- YOUR TASK -
In the records below, the line with "From mathcomp Require Import all_boot." opens the range and the line with "connected_graph e -> valid_ids idb idf -> ~" closes it; print that range exactly and nothing else.

- THE DATA -

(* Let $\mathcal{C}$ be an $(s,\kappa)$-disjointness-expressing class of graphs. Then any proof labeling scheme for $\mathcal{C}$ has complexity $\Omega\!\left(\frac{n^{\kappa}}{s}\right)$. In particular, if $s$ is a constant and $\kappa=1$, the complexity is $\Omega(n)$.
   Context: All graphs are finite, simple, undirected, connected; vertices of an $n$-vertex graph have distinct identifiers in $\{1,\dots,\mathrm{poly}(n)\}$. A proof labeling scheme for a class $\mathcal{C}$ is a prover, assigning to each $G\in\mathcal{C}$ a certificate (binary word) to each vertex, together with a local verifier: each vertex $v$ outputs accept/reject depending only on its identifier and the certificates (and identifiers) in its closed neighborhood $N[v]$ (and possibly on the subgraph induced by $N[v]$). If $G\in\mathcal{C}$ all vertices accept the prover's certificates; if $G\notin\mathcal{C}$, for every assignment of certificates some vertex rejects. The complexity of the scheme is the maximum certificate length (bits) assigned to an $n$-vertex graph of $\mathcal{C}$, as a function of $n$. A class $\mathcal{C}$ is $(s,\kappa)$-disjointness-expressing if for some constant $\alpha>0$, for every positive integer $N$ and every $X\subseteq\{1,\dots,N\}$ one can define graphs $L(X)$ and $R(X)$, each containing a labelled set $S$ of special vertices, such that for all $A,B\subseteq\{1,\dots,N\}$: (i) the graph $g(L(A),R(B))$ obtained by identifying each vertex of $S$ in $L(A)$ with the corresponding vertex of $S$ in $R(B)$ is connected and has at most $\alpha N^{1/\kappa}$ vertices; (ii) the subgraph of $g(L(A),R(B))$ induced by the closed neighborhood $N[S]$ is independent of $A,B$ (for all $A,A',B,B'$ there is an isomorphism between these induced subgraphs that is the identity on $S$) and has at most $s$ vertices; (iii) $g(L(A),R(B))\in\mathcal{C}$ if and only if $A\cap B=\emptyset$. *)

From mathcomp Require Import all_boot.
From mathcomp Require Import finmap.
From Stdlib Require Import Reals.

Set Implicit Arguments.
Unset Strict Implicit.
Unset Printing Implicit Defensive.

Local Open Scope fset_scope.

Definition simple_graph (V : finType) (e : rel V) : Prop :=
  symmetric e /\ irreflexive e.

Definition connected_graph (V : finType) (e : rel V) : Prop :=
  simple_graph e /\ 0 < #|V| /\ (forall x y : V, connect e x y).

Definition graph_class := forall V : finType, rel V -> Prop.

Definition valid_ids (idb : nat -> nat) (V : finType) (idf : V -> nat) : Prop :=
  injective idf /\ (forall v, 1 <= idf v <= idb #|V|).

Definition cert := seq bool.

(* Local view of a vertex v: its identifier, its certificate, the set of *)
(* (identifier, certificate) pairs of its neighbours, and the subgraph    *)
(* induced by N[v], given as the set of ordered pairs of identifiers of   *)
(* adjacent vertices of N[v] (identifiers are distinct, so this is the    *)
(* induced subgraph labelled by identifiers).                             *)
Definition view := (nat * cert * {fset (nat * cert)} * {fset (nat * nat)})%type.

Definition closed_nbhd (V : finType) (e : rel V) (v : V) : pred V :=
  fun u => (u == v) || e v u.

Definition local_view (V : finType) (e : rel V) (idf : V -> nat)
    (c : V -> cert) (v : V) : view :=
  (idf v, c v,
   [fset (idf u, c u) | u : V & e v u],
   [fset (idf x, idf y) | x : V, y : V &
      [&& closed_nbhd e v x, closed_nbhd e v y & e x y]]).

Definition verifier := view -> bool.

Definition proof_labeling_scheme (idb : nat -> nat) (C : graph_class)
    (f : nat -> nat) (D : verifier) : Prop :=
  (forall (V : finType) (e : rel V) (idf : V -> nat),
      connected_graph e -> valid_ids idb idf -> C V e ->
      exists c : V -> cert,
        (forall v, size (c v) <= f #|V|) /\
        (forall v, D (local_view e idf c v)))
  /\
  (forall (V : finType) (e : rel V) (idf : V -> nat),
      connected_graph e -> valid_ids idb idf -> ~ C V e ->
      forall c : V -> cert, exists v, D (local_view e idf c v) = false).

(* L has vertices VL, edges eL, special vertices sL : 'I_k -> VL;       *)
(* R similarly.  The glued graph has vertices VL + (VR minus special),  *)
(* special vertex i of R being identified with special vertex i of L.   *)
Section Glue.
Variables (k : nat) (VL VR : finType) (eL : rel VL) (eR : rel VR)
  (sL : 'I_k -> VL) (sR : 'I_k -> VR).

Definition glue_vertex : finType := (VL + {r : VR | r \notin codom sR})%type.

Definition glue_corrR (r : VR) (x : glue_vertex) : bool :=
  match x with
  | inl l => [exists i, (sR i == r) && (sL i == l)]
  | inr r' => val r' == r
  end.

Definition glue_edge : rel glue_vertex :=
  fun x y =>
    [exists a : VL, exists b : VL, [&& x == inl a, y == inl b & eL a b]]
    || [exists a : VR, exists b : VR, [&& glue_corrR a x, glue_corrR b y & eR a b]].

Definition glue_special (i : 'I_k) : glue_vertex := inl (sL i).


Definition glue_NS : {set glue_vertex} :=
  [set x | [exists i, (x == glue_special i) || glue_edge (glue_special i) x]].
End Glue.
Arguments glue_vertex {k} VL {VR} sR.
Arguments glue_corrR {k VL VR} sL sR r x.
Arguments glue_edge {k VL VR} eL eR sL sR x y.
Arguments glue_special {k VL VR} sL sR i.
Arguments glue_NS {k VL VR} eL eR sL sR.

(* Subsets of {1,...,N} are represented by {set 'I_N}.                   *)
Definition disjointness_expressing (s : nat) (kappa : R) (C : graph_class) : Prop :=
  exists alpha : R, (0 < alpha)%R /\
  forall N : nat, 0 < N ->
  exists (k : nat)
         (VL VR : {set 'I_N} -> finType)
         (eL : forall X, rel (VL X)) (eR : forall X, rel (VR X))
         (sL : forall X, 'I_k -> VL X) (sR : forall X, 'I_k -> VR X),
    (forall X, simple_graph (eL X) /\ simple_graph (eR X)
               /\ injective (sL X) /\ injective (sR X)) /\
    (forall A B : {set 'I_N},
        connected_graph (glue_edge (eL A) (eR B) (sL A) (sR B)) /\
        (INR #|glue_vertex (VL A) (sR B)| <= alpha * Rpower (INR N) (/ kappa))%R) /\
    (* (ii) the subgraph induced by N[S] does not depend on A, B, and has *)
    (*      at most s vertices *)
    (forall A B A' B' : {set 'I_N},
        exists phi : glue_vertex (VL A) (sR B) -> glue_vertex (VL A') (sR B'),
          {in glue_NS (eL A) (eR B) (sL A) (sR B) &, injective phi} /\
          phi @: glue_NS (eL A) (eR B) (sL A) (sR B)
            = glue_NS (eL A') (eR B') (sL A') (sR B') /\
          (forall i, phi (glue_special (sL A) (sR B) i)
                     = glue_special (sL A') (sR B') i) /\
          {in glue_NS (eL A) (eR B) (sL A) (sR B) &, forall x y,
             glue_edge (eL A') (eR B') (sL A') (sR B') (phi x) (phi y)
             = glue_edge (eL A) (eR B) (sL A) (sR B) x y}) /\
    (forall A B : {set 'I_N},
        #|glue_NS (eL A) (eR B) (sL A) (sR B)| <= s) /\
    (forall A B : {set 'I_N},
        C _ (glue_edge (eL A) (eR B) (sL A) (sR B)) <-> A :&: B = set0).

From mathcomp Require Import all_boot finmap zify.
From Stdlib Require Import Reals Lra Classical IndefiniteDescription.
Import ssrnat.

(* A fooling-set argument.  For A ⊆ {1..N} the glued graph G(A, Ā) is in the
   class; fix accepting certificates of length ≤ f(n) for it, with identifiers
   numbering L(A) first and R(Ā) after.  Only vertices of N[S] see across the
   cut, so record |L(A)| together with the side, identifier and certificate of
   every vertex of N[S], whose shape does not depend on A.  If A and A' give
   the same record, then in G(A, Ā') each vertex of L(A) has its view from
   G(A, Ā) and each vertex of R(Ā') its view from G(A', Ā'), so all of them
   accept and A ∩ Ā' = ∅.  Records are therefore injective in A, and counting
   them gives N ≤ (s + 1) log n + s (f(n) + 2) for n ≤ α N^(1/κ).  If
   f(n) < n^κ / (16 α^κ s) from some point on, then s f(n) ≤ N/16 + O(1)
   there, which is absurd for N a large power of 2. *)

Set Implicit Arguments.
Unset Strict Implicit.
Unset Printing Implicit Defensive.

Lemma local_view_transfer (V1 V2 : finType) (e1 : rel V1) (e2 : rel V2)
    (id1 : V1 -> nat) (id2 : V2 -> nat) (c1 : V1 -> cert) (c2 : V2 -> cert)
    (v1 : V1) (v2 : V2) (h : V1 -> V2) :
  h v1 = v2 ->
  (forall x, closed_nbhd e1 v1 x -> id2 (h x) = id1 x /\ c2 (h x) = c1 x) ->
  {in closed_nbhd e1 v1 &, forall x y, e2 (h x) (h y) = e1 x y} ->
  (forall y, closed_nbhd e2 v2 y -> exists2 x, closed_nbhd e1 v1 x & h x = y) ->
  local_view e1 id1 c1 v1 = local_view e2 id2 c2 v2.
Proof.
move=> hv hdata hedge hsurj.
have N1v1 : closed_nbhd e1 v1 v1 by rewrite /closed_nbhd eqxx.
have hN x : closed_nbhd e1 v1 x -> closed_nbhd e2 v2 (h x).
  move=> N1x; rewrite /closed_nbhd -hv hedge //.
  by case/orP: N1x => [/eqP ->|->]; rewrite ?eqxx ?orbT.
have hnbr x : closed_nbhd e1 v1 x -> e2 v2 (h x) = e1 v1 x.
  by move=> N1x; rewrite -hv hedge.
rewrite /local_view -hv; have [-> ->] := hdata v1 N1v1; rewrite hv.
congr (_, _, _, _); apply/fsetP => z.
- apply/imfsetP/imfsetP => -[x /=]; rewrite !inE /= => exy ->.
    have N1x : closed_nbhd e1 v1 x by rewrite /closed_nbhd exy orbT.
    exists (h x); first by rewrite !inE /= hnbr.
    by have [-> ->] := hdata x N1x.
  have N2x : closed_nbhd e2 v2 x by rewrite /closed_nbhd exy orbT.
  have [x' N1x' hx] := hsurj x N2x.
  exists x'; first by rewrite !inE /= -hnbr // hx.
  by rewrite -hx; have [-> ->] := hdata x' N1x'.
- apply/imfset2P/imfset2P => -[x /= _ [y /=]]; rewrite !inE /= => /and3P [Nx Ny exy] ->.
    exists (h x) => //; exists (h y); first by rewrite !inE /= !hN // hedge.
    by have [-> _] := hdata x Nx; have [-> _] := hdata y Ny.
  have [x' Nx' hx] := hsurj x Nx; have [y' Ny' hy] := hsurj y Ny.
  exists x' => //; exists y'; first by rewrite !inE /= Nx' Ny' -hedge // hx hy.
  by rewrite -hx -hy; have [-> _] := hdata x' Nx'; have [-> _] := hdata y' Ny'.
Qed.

- RESPONSE BELOW -
From mathcomp Require Import all_boot.
From mathcomp Require Import finmap.
From Stdlib Require Import Reals.

Set Implicit Arguments.
Unset Strict Implicit.
Unset Printing Implicit Defensive.

Local Open Scope fset_scope.

Definition simple_graph (V : finType) (e : rel V) : Prop :=
  symmetric e /\ irreflexive e.

Definition connected_graph (V : finType) (e : rel V) : Prop :=
  simple_graph e /\ 0 < #|V| /\ (forall x y : V, connect e x y).

Definition graph_class := forall V : finType, rel V -> Prop.

Definition valid_ids (idb : nat -> nat) (V : finType) (idf : V -> nat) : Prop :=
  injective idf /\ (forall v, 1 <= idf v <= idb #|V|).

Definition cert := seq bool.

(* Local view of a vertex v: its identifier, its certificate, the set of *)
(* (identifier, certificate) pairs of its neighbours, and the subgraph    *)
(* induced by N[v], given as the set of ordered pairs of identifiers of   *)
(* adjacent vertices of N[v] (identifiers are distinct, so this is the    *)
(* induced subgraph labelled by identifiers).                             *)
Definition view := (nat * cert * {fset (nat * cert)} * {fset (nat * nat)})%type.

Definition closed_nbhd (V : finType) (e : rel V) (v : V) : pred V :=
  fun u => (u == v) || e v u.

Definition local_view (V : finType) (e : rel V) (idf : V -> nat)
    (c : V -> cert) (v : V) : view :=
  (idf v, c v,
   [fset (idf u, c u) | u : V & e v u],
   [fset (idf x, idf y) | x : V, y : V &
      [&& closed_nbhd e v x, closed_nbhd e v y & e x y]]).

Definition verifier := view -> bool.

Definition proof_labeling_scheme (idb : nat -> nat) (C : graph_class)
    (f : nat -> nat) (D : verifier) : Prop :=
  (forall (V : finType) (e : rel V) (idf : V -> nat),
      connected_graph e -> valid_ids idb idf -> C V e ->
      exists c : V -> cert,
        (forall v, size (c v) <= f #|V|) /\
        (forall v, D (local_view e idf c v)))
  /\
  (forall (V : finType) (e : rel V) (idf : V -> nat),
      connected_graph e -> valid_ids idb idf -> ~ C V e ->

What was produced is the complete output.